I Am Part of the Problem

For my entire life, I have surrounded myself with White people. Growing up in the suburbs of Buffalo, I could count the number of my Black classmates on one hand. After watching the LAPD beat the shit out of Rodney King, I was not compelled to reach out to any of them.

When it came time to go to college, I chose an even less diverse place – a small Franciscan college near the Pennsylvania border. I did not care at all about Saint Francis. But I certainly cared about feeling comfortable.

Since then, I have chosen to work for five overwhelmingly White companies. Because I rarely heard racist things, I therefore believed these were non-racist places.

A year after Trayvon Martin was murdered for being Black and wearing a hoodie, I chose to move away from my hometown with my wife, who I adore and who also is White. I suggested Maine – quite literally the whitest state in America. I love Maine; the nature is gorgeous. But from the perspective of my awareness of racial injustice, this was like a caterpillar deciding against becoming a butterfly and lining its cocoon instead.
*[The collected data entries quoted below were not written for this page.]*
(* In a $2^K$ factorial experiment, for each $*\in\{N,F,L\}$, $\tilde\tau_*=C_S\hat Y_*$ and $\tilde\Omega_*=C_S\hat\Psi_*C_S^T$.
   Context: A $2^K$ factorial experiment ($K$ a positive integer) has $K$ binary factors and $Q=2^K$ treatment levels $q=(z_1,\dots,z_K)\in\{-1,+1\}^K$, identified with $1,\dots,Q$ in lexicographical order ($-1$ before $+1$). There are $N$ units with observed outcomes $Y_i$ and covariates $x_i\in\mathbb R^J$ (with $\sum_ix_i=0$); $Z_{ik}\in\{-1,+1\}$ is the level of factor $k$ received by unit $i$, $t_i\in\{0,1\}^Q$ is the indicator vector of unit $i$'s treatment level, and each level is received by at least one unit. Let $\mathcal P_K$ be the set of nonempty subsets of $\{1,\dots,K\}$, $Z_{i,\mathcal K}=\prod_{k\in\mathcal K}Z_{ik}$, and $c_{\mathcal K}\in\mathbb R^Q$ the vector whose entry at level $(z_1,\dots,z_K)$ is $2^{-(K-1)}\prod_{k\in\mathcal K}z_k$. $C_S$ is the $(Q-1)\times Q$ matrix with rows $c_{\mathcal K}^T$, $\mathcal K\in\mathcal P_K$, in a fixed order. Treatment-based OLS regressions (no intercept): unadjusted $Y_i\sim t_i$, additive $Y_i\sim t_i+x_i$, fully interacted $Y_i\sim t_i+t_i\otimes x_i$; $\hat Y_*$ ($*=N,F,L$) is the coefficient vector of $t_i$ and $\hat\Psi_*$ its Eicker–Huber–White (EHW) covariance estimator (the corresponding block of $(X^TX)^{-1}X^T\mathrm{diag}(\hat\epsilon_i^2)X(X^TX)^{-1}$, $X$ the design matrix, $\hat\epsilon_i$ OLS residuals). Factor-saturated OLS regressions: $Y_i\sim1+\sum_{\mathcal K\in\mathcal P_K}Z_{i,\mathcal K}$ (N), $Y_i\sim1+\sum_{\mathcal K\in\mathcal P_K}Z_{i,\mathcal K}+x_i$ (F), $Y_i\sim1+\sum_{\mathcal K\in\mathcal P_K}Z_{i,\mathcal K}+x_i+\sum_{\mathcal K\in\mathcal P_K}Z_{i,\mathcal K}x_i$ (L). $\tilde\tau_{*,\mathcal K}$ is 2 times the OLS coefficient of $Z_{i,\mathcal K}$ in regression $*$, $\tilde\tau_*=(\tilde\tau_{*,\mathcal K})_{\mathcal K\in\mathcal P_K}$ in the same order as the rows of $C_S$, and $\tilde\Omega_*$ is the EHW covariance estimator of $\tilde\tau_*$ from the same fit (4 times the EHW covariance of these coefficients). *)

From HB Require Import structures.
From mathcomp Require Import all_boot all_order all_algebra.
Set Implicit Arguments. Unset Strict Implicit. Unset Printing Implicit Defensive.
Import Order.TTheory GRing.Theory Num.Theory.
Local Open Scope ring_scope.

(* Treatment levels are 'I_(2^K), in lexicographic order of (z_1,...,z_K)
   with -1 before +1: level q has z_k = +1 iff the bit of q of weight
   2^(K-1-k) is set (k = 0 is the first factor, the most significant bit). *)
Definition lev_bit (K : nat) (q : 'I_(2 ^ K)) (k : 'I_K) : bool :=
  odd (q %/ 2 ^ (K.-1 - k))%N.

Definition sgnb (R : ringType) (b : bool) : R := if b then 1 else -1.

Definition Zfac (R : ringType) (N K : nat) (T : 'I_N -> 'I_(2 ^ K))
  (i : 'I_N) (k : 'I_K) : R := sgnb R (lev_bit (T i) k).

Definition treat_mx (R : ringType) (N Q : nat) (T : 'I_N -> 'I_Q) : 'M[R]_(N, Q) :=
  \matrix_(i, q) (T i == q)%:R.

(* rows a_i (x) x_i (Kronecker product of the i-th rows) *)
Definition kron_rows (R : ringType) (N m J : nat) (A : 'M[R]_(N, m))
  (X : 'M[R]_(N, J)) : 'M[R]_(N, m * J) :=
  \matrix_(i < N) mxvec ((row i A)^T *m row i X).

(* columns Z_{i,Kset} for the nonempty subsets, in the order given by [sub] *)
Definition contrast_mx (R : ringType) (N K : nat) (T : 'I_N -> 'I_(2 ^ K))
  (sub : 'I_((2 ^ K).-1) -> {set 'I_K}) : 'M[R]_(N, (2 ^ K).-1) :=
  \matrix_(i, j) \prod_(k in sub j) Zfac R T i k.

Definition CS (R : fieldType) (K : nat) (sub : 'I_((2 ^ K).-1) -> {set 'I_K})
  : 'M[R]_((2 ^ K).-1, 2 ^ K) :=
  \matrix_(j, q) ((2 ^+ K.-1)^-1 * \prod_(k in sub j) sgnb R (lev_bit q k)).

Definition ones_col (R : ringType) (N : nat) : 'M[R]_(N, 1) := const_mx 1.

Definition ols (R : fieldType) (N p : nat) (X : 'M[R]_(N, p)) (Y : 'cV[R]_N)
  : 'cV[R]_p := invmx (X^T *m X) *m (X^T *m Y).

Definition ols_resid (R : fieldType) (N p : nat) (X : 'M[R]_(N, p)) (Y : 'cV[R]_N)
  : 'cV[R]_N := Y - X *m ols X Y.

Definition ehw (R : fieldType) (N p : nat) (X : 'M[R]_(N, p)) (Y : 'cV[R]_N)
  : 'M[R]_p :=
  let G := invmx (X^T *m X) in
  let e := ols_resid X Y in
  G *m (X^T *m diag_mx (\row_i (e i 0 ^+ 2)) *m X) *m G.

Definition designN_t (R : ringType) N K (T : 'I_N -> 'I_(2 ^ K)) : 'M[R]_(N, 2 ^ K) :=
  treat_mx R T.
Definition designF_t (R : ringType) N K J (T : 'I_N -> 'I_(2 ^ K)) (X : 'M[R]_(N, J))
  : 'M[R]_(N, 2 ^ K + J) := row_mx (treat_mx R T) X.
Definition designL_t (R : ringType) N K J (T : 'I_N -> 'I_(2 ^ K)) (X : 'M[R]_(N, J))
  : 'M[R]_(N, 2 ^ K + 2 ^ K * J) := row_mx (treat_mx R T) (kron_rows (treat_mx R T) X).

Definition designN_f (R : ringType) N K (T : 'I_N -> 'I_(2 ^ K))
  (sub : 'I_((2 ^ K).-1) -> {set 'I_K}) : 'M[R]_(N, 1 + (2 ^ K).-1) :=
  row_mx (ones_col R N) (contrast_mx R T sub).
Definition designF_f (R : ringType) N K J (T : 'I_N -> 'I_(2 ^ K))
  (sub : 'I_((2 ^ K).-1) -> {set 'I_K}) (X : 'M[R]_(N, J))
  : 'M[R]_(N, 1 + (2 ^ K).-1 + J) := row_mx (designN_f R T sub) X.
Definition designL_f (R : ringType) N K J (T : 'I_N -> 'I_(2 ^ K))
  (sub : 'I_((2 ^ K).-1) -> {set 'I_K}) (X : 'M[R]_(N, J))
  : 'M[R]_(N, 1 + (2 ^ K).-1 + J + (2 ^ K).-1 * J) :=
  row_mx (designF_f T sub X) (kron_rows (contrast_mx R T sub) X).

Definition YhatN (R : fieldType) N K (T : 'I_N -> 'I_(2 ^ K)) (Y : 'cV[R]_N)
  : 'cV[R]_(2 ^ K) := ols (designN_t R T) Y.
Definition PsiN (R : fieldType) N K (T : 'I_N -> 'I_(2 ^ K)) (Y : 'cV[R]_N)
  : 'M[R]_(2 ^ K) := ehw (designN_t R T) Y.
Definition YhatF (R : fieldType) N K J (T : 'I_N -> 'I_(2 ^ K)) (X : 'M[R]_(N, J))
  (Y : 'cV[R]_N) : 'cV[R]_(2 ^ K) := usubmx (ols (designF_t T X) Y).
Definition PsiF (R : fieldType) N K J (T : 'I_N -> 'I_(2 ^ K)) (X : 'M[R]_(N, J))
  (Y : 'cV[R]_N) : 'M[R]_(2 ^ K) := ulsubmx (ehw (designF_t T X) Y).
Definition YhatL (R : fieldType) N K J (T : 'I_N -> 'I_(2 ^ K)) (X : 'M[R]_(N, J))
  (Y : 'cV[R]_N) : 'cV[R]_(2 ^ K) := usubmx (ols (designL_t T X) Y).
Definition PsiL (R : fieldType) N K J (T : 'I_N -> 'I_(2 ^ K)) (X : 'M[R]_(N, J))
  (Y : 'cV[R]_N) : 'M[R]_(2 ^ K) := ulsubmx (ehw (designL_t T X) Y).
For the last 20 years, I have felt compelled to write about music, and a lot about hip-hop specifically. In 2002, I wrote my first-ever “column” in a local rag about why suburban kids like me love rap. Using the “family values” conservative and noted rap-hater William Bennett as a straw man, I wrote, “The more you try to hide a culture, the more we want to be a part of it.”
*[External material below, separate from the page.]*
(* Let $G$ be one of the sequent calculi $\mathbf{GE},\mathbf{GM},\mathbf{GMC},\mathbf{GEN},\mathbf{GMN},\mathbf{GK},\mathbf{GEC},\mathbf{GECN},\mathbf{GCE},\mathbf{GCM},\mathbf{GCMC},\mathbf{GCEN},\mathbf{GCMN},\mathbf{GCK},\mathbf{GCKID},\mathbf{GCKCEM},\mathbf{GCKCEMID}$, and let $L=\{\phi : G\vdash\ \Rightarrow\phi\}$ be its logic. Then $G$ has ULIP iff $L$ has ULIP, and $G$ has UIP iff $L$ has UIP.
   Context: Languages: $\mathcal{L}_\Box$ (atoms, $\bot$, $\wedge,\vee,\to$, unary $\Box$) for the calculi whose name does not start with $\mathbf{GC}$, and $\mathcal{L}_\triangleright$ (atoms, $\bot$, $\wedge,\vee,\to$, binary $\triangleright$) otherwise. $\top:=\bot\to\bot$, $\neg A:=A\to\bot$. Positive/negative variables: $V^+(p)=\{p\}$, $V^-(p)=\varnothing$; $V^\pm(\bot)=\varnothing$; $V^\pm(\phi\odot\psi)=V^\pm(\phi)\cup V^\pm(\psi)$ for $\odot\in\{\wedge,\vee\}$; $V^+(\phi\to\psi)=V^-(\phi)\cup V^+(\psi)$, $V^-(\phi\to\psi)=V^+(\phi)\cup V^-(\psi)$; $V^\pm(\Box\phi)=V^\pm(\phi)$; $V^+(\phi\triangleright\psi)=V^-(\phi)\cup V^+(\psi)$, $V^-(\phi\triangleright\psi)=V^+(\phi)\cup V^-(\psi)$; $V=V^+\cup V^-$. $p^\circ$-free means $p\notin V^\circ$; $\diamond$ is the sign opposite to $\circ\in\{+,-\}$. Sequents $S=\Gamma\Rightarrow\Delta$ ($\Gamma,\Delta$ finite multisets); $V^+(S)=\bigcup_{\gamma\in\Gamma}V^-(\gamma)\cup\bigcup_{\delta\in\Delta}V^+(\delta)$, $V^-(S)=\bigcup_{\gamma\in\Gamma}V^+(\gamma)\cup\bigcup_{\delta\in\Delta}V^-(\delta)$; for $S=(\Gamma\Rightarrow\Delta)$, $T=(\Pi\Rightarrow\Lambda)$, $S\cdot T=(\Gamma,\Pi\Rightarrow\Delta,\Lambda)$. $G$ has ULIP if for every sequent $S$, atom $p$, $\circ\in\{+,-\}$ there is a $p^\circ$-free formula $\theta$ with $V^\dagger(\theta)\subseteq V^\dagger(S)$ for both $\dagger$, $G\vdash S\cdot(\theta\Rightarrow)$, and for every sequent $\Gamma\Rightarrow\Delta$ with $p\notin V^\diamond(\Gamma\Rightarrow\Delta)$, $G\vdash S\cdot(\Gamma\Rightarrow\Delta)$ implies $G\vdash\Gamma\Rightarrow\theta,\Delta$. UIP for $G$: same without polarities ($\theta$ $p$-free, $V(\theta)\subseteq V(S)$, $\Gamma\Rightarrow\Delta$ with $p\notin V(\Gamma\Rightarrow\Delta)$). ULIP for a logic $L$: for every formula $\phi$, atom $p$, $\circ$, there are $p^\circ$-free $\forall^\circ p\,\phi$, $\exists^\circ p\,\phi$ with $V^\dagger(\cdot)\subseteq V^\dagger(\phi)$ such that $L\vdash\forall^\circ p\,\phi\to\phi$; for $p^\circ$-free $\psi$, $L\vdash\psi\to\phi$ implies $L\vdash\psi\to\forall^\circ p\,\phi$; $L\vdash\phi\to\exists^\circ p\,\phi$; for $p^\circ$-free $\psi$, $L\vdash\phi\to\psi$ implies $L\vdash\exists^\circ p\,\phi\to\psi$. UIP for $L$: same without polarities. Calculi: $\mathbf{G3cp}$ has axioms $\Gamma,p\Rightarrow p,\Delta$ ($p$ atomic), $\Gamma,\bot\Rightarrow\Delta$ and the standard invertible context-sharing rules $L\wedge,R\wedge,L\vee,R\vee,L\to,R\to$ (e.g. $L\to$: from $\Gamma\Rightarrow\phi,\Delta$ and $\Gamma,\psi\Rightarrow\Delta$ infer $\Gamma,\phi\to\psi\Rightarrow\Delta$; $R\to$: from $\Gamma,\phi\Rightarrow\psi,\Delta$ infer $\Gamma\Rightarrow\phi\to\psi,\Delta$; $R\vee$: from $\Gamma\Rightarrow\phi,\psi,\Delta$ infer $\Gamma\Rightarrow\phi\vee\psi,\Delta$; $L\wedge$ dually; $R\wedge$, $L\vee$ two-premise). $\mathbf{G3W}=\mathbf{G3cp}$ plus left and right weakening. ''$\alpha\Leftrightarrow\beta$'' as a premise abbreviates $\alpha\Rightarrow\beta$ and $\beta\Rightarrow\alpha$. Modal rules: $(E)$ from $\phi\Leftrightarrow\psi$ infer $\Box\phi\Rightarrow\Box\psi$; $(M)$ from $\phi\Rightarrow\psi$ infer $\Box\phi\Rightarrow\Box\psi$; $(MC)$ ($n\ge1$) from $\phi_1,\dots,\phi_n\Rightarrow\psi$ infer $\Box\phi_1,\dots,\Box\phi_n\Rightarrow\Box\psi$; $(N)$ from $\Rightarrow\psi$ infer $\Rightarrow\Box\psi$; $(EC)$ ($n\ge1$) from $\phi_1,\dots,\phi_n\Rightarrow\psi$ and $\psi\Rightarrow\phi_i$ ($1\le i\le n$) infer $\Sigma,\Box\phi_1,\dots,\Box\phi_n\Rightarrow\Box\psi,\Lambda$; $(NW)$ from $\Rightarrow\psi$ infer $\Sigma\Rightarrow\Box\psi,\Lambda$. $\mathbf{GE},\mathbf{GM},\mathbf{GMC}$ = $\mathbf{G3W}$ + $(E)$, $(M)$, $(MC)$; $\mathbf{GEN},\mathbf{GMN},\mathbf{GK}$ = these + $(N)$; $\mathbf{GEC}=\mathbf{G3cp}+(EC)$, $\mathbf{GECN}=\mathbf{GEC}+(NW)$. Conditional rules: $(CE)$ from $\phi_0\Leftrightarrow\phi_1$, $\psi_0\Leftrightarrow\psi_1$ infer $\phi_1\triangleright\psi_1\Rightarrow\phi_0\triangleright\psi_0$; $(CM)$ from $\phi_0\Leftrightarrow\phi_1$, $\psi_1\Rightarrow\psi_0$ infer the same; $(CMC)$ ($n\ge1$) from $\phi_0\Leftrightarrow\phi_i$ ($1\le i\le n$), $\psi_1,\dots,\psi_n\Rightarrow\psi_0$ infer $\phi_1\triangleright\psi_1,\dots,\phi_n\triangleright\psi_n\Rightarrow\phi_0\triangleright\psi_0$; $(CN)$ from $\Rightarrow\psi_0$ infer $\Rightarrow\phi_0\triangleright\psi_0$; $(CKID)$ ($I$ a possibly empty finite index multiset) from $\phi_0\Leftrightarrow\phi_i$ ($i\in I$), $\phi_0,\{\psi_i\}_{i\in I}\Rightarrow\psi_0$ infer $\{\phi_i\triangleright\psi_i\}_{i\in I}\Rightarrow\phi_0\triangleright\psi_0$; $(CKCEM)$ from $\phi_0\Leftrightarrow\phi_r$ ($r\in I\cup J$), $\{\psi_i\}_{i\in I}\Rightarrow\psi_0,\{\psi_j\}_{j\in J}$ infer $\{\phi_i\triangleright\psi_i\}_{i\in I}\Rightarrow\phi_0\triangleright\psi_0,\{\phi_j\triangleright\psi_j\}_{j\in J}$; $(CKCEMID)$ as $(CKCEM)$ but with $\phi_0$ added to the antecedent of the last premise. $\mathbf{GCE},\mathbf{GCM},\mathbf{GCMC},\mathbf{GCKID},\mathbf{GCKCEM},\mathbf{GCKCEMID}$ = $\mathbf{G3W}$ + $(CE)$, $(CM)$, $(CMC)$, $(CKID)$, $(CKCEM)$, $(CKCEMID)$; $\mathbf{GCEN},\mathbf{GCMN},\mathbf{GCK}$ = $\mathbf{GCE},\mathbf{GCM},\mathbf{GCMC}$ + $(CN)$. Each $L$ so defined is a logic (contains classical tautologies, closed under substitution and modus ponens). *)

From Stdlib Require Import List Permutation.
Import ListNotations.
But I clearly never wanted that. As I write this, 18 years later, it is from that same deafening cocoon of White privilege. A place where opportunities fall in my lap. Where I never have to fear physical harm. Where I rarely see Black faces, but seek attention for writing about Black artists. When a Minneapolis police officer casually murdered George Floyd, keeping his hands in his pockets as his victim cried for his mother, I was getting buzzed on craft beer and enjoying a fire in my backyard – where almost all of my neighbors are White.
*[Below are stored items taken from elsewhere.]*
(* With [c = sigma sqrt 2] the kernel is [k r = p (|r| / c)] for the profile
   [p a = erfc a - a E_1 (a^2) / sqrt pi].  The profile is continuous (at 0 because
   [a E_1 (a^2) = O(a ln a)]), satisfies [p' a = - E_1 (a^2) / sqrt pi] for [a <> 0], and
   decays like [e^(-a)]; the decay needs [int_0^oo e^(-s^2) ds = sqrt pi / 2], obtained from
   the classical fact that [G x ^ 2 + int_0^1 e^(-x^2 (1+u^2)) / (1+u^2) du] has zero
   derivative, [G] being the Gaussian primitive.  Hence the Fourier integral of [k] converges,
   its sine part vanishes by oddness, its cosine part is [2 c int_0^oo p a cos (w a) da] with
   [w = c t], and integrating [E_1 (a^2) sin (w a) = - sqrt pi p' a sin (w a)] by parts
   gives [int_0^oo E_1 (a^2) sin (w a) da = sqrt pi w int_0^oo p a cos (w a) da]. *)

(** * Riemann integrals and limits on the real line *)

(* An equation whose left side is an [RInt] lives in Coquelicot's normed-module carrier,
   where [ring] finds no ring structure; moving everything to the left side fixes that. *)
Ltac ring_R := apply Rminus_diag_uniq; ring.

(* Instances on [R] of Coquelicot lemmas whose normed-module parameter is not inferred
   from [f : R -> R]. *)
Lemma ex_derive_continuous_R (f : R -> R) x : ex_derive f x -> continuous f x.
Proof. exact (ex_derive_continuous (V := R_NormedModule) f x). Qed.

Lemma ex_RInt_continuous_R (f : R -> R) a b :
  (forall x, Rmin a b <= x <= Rmax a b -> continuous f x) -> ex_RInt f a b.
Proof. exact (ex_RInt_continuous (V := R_CompleteNormedModule) f a b). Qed.

Lemma RInt_correct_R (f : R -> R) a b : ex_RInt f a b -> is_RInt f a b (RInt f a b).
Proof. exact (RInt_correct (V := R_CompleteNormedModule) f a b). Qed.

Lemma RInt_Chasles_R (f : R -> R) a b c :
  ex_RInt f a b -> ex_RInt f b c -> RInt f a b + RInt f b c = RInt f a c.
Proof. exact (RInt_Chasles (V := R_CompleteNormedModule) f a b c). Qed.

Lemma RInt_scal_R (f : R -> R) a b k :
  ex_RInt f a b -> RInt (fun x => k * f x) a b = k * RInt f a b.
Proof. exact (RInt_scal (V := R_CompleteNormedModule) f a b k). Qed.

Lemma is_RInt_derive_R (f df : R -> R) a b :
  (forall x, Rmin a b <= x <= Rmax a b -> is_derive f x (df x)) ->
  (forall x, Rmin a b <= x <= Rmax a b -> continuous df x) ->
  is_RInt df a b (f b - f a).
Proof. exact (is_RInt_derive (V := R_CompleteNormedModule) f df a b). Qed.

Lemma RInt_derive_R (f df : R -> R) a b :
  (forall x, Rmin a b <= x <= Rmax a b -> is_derive f x (df x)) ->
  (forall x, Rmin a b <= x <= Rmax a b -> continuous df x) ->
  RInt df a b = f b - f a.
Proof.
  intros Hd Hc. apply (is_RInt_unique (V := R_CompleteNormedModule)).
  exact (is_RInt_derive_R f df a b Hd Hc).
Qed.

Lemma ex_RInt_continuous_ge (f : R -> R) a u v :
  (forall x, a <= x -> continuous f x) -> a <= u -> a <= v -> ex_RInt f u v.
Proof.
  intros Hc Hu Hv. apply ex_RInt_continuous_R. intros x Hx. apply Hc.
  generalize (Rmin_glb u v a Hu Hv). lra.
Qed.

Lemma ex_RInt_continuous_pos (f : R -> R) a b :
  0 < a -> 0 < b -> (forall x, 0 < x -> continuous f x) -> ex_RInt f a b.
Proof.
  intros Ha Hb Hc. apply ex_RInt_continuous_R. intros x Hx. apply Hc.
  generalize (Rmin_glb_lt a b 0 Ha Hb). lra.
Qed.

Lemma is_RInt_RInt_diff (f : R -> R) a b :
  (forall x, continuous f x) -> is_RInt f a b (RInt f 0 b - RInt f 0 a).
Proof.
  intros Hc. assert (Hex : forall u v, ex_RInt f u v) by
    (intros u v; apply ex_RInt_continuous_R; intros; apply Hc).
  rewrite <- (RInt_Chasles_R f 0 a b) by auto.
  rewrite Rplus_minus_l. apply RInt_correct_R, Hex.
Qed.

Lemma is_derive_RInt_0 (f : R -> R) x :
  (forall y, continuous f y) -> is_derive (fun y => RInt f 0 y) x (f x).
Proof.
  intros Hc. apply (is_derive_RInt f (fun y => RInt f 0 y) 0 x); [| apply Hc].
  apply filter_forall. intros b. apply RInt_correct_R, ex_RInt_continuous_R. intros; apply Hc.
Qed.

Lemma RInt_opp_upper (f : R -> R) x :
  (forall y, continuous f y) -> RInt f 0 (- x) = - RInt (fun y => f (- y)) 0 x.
Proof.
  intros Hc.
  assert (H := is_RInt_comp_opp f 0 x _
    (RInt_correct_R f (- 0) (- x) (ex_RInt_continuous_R _ _ _ (fun y _ => Hc y)))).
  apply (is_RInt_unique (V := R_CompleteNormedModule)) in H.
  rewrite Ropp_0 in H. rewrite <- H.
  rewrite (RInt_ext _ (fun y => -1 * f (- y))).
  2: { intros y _. change (- f (- y) = -1 * f (- y)). ring. }
  rewrite RInt_scal_R; [ring_R |].
  apply ex_RInt_continuous_R. intros y _.
  apply (continuous_comp Ropp f); [apply ex_derive_continuous_R; auto_derive; auto | apply Hc].
Qed.

Lemma RInt_rescale (h : R -> R) (c a b : R) :
  0 < c -> (forall x, continuous h x) ->
  RInt (fun r => h (r / c)) a b = c * RInt h (a / c) (b / c).
Proof.
  intros Hc Hh.
  assert (Hex : forall u v, ex_RInt h u v) by
    (intros; apply ex_RInt_continuous_R; intros; apply Hh).
  replace (a / c) with (/ c * a + 0) by (unfold Rdiv; ring).
  replace (b / c) with (/ c * b + 0) by (unfold Rdiv; ring).
  rewrite <- (RInt_comp_lin (V := R_CompleteNormedModule) h (/ c) 0 a b (Hex _ _)).
  rewrite <- RInt_scal_R.
  - apply RInt_ext. intros y _. change (h (y / c) = c * (/ c * h (/ c * y + 0))).
    replace (/ c * y + 0) with (y / c) by (unfold Rdiv; ring). field. lra.
  - apply (ex_RInt_comp_lin (V := R_NormedModule)), Hex.
Qed.

Lemma eq_of_is_derive_0 (f : R -> R) (a b : R) : (forall x, is_derive f x 0) -> f a = f b.
Proof.
  intros Hd.
  assert (H := RInt_derive_R f (fun _ => 0) a b (fun x _ => Hd x)
                 (fun x _ => continuous_const 0 x)).
  rewrite (RInt_const (V := R_CompleteNormedModule)) in H.
  change (scal (b - a) 0) with ((b - a) * 0) in H. lra.
Qed.

Lemma exp_le_compat x y : x <= y -> exp x <= exp y.
Proof. intros [Hlt | ->]; [left; apply exp_increasing, Hlt | right; reflexivity]. Qed.

Lemma ln_lt_id y : 0 < y -> ln y < y.
Proof.
  intros Hy. rewrite <- (ln_exp y) at 2. apply ln_increasing; [exact Hy |].
  generalize (exp_ineq1_le y). lra.
Qed.

Lemma mul_ln_sqr_ge b : 0 < b -> - (4 * sqrt b) <= b * ln (b ^ 2).
Proof.
  intros Hb. set (s := sqrt b).
  assert (Hs : 0 < s) by (apply sqrt_lt_R0, Hb).
  assert (Hss : s * s = b) by (apply sqrt_sqrt; lra).
  assert (Hln : ln (b ^ 2) = 4 * ln s).
  { rewrite <- Hss. replace ((s * s) ^ 2) with (s ^ 4) by ring.
    rewrite ln_pow by exact Hs. simpl. ring. }
  assert (Hinv : - ln s < / s).
  { rewrite <- ln_Rinv by exact Hs. apply ln_lt_id, Rinv_0_lt_compat, Hs. }
  rewrite Hln, <- Hss.
  replace (s * s * (4 * ln s)) with (- (4 * (s * s) * - ln s)) by ring.
  apply Ropp_le_contravar. apply Rle_trans with (4 * (s * s) * / s).
  - apply Rmult_le_compat_l; [nra | lra].
  - right. field. lra.
Qed.

Lemma is_lim_exp_opp : is_lim (fun x => exp (- x)) p_infty 0.
Proof.
  apply (is_lim_comp exp Ropp p_infty 0 m_infty).
  - exact is_lim_exp_m.
  - exact (filterlim_Rbar_opp p_infty).
  - exists 0. discriminate.
Qed.

Lemma is_lim_exp_opp_sqr : is_lim (fun x => exp (- x ^ 2)) p_infty 0.
Proof.
  apply (is_lim_le_le_loc (fun _ => 0) (fun x => exp (- x))).
  - exists 1. intros x Hx. split; [left; apply exp_pos | apply exp_le_compat; nra].
  - apply is_lim_const.
  - exact is_lim_exp_opp.
Qed.

Lemma is_lim_div_pos (c : R) : 0 < c -> is_lim (fun x => x / c) p_infty p_infty.
Proof.
  intros Hc P [M HM]. exists (M * c). intros x Hx. apply HM.
  apply (Rmult_lt_reg_r c); auto. unfold Rdiv. rewrite Rmult_assoc, Rinv_l; lra.
Qed.

Lemma is_lim_m_infty_of_opp (F : R -> R) (l : R) :
  is_lim (fun x => F (- x)) p_infty l -> is_lim F m_infty l.
Proof.
  intros H. apply (is_lim_ext (fun x => F (- - x))).
  { intros x. now rewrite Ropp_involutive. }
  exact (filterlim_comp _ _ _ Ropp (fun x => F (- x)) _ _ _ (filterlim_Rbar_opp m_infty) H).
Qed.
My racist preferences have perpetuated a racist system. I haven’t had to do anything to be complicit in this system, because it’s got centuries of fuel in the tank – a despicable legacy of murder, rape, and rank dehumanization. Black people have always known this of course. They’ve been pointing at it, screaming at us to at the very least acknowledge it.

So here I am, doing the very least. I wish I had some big reveal to share here. I have donated some money. I am pushing for antiracist policies at work. But I haven’t been to a protest. I remain part of the problem, no matter how much that makes me want to throw up.

I finally see the walls of privilege that racism has built for me. If you feel like giving me credit for this, please wait until I have burned them down.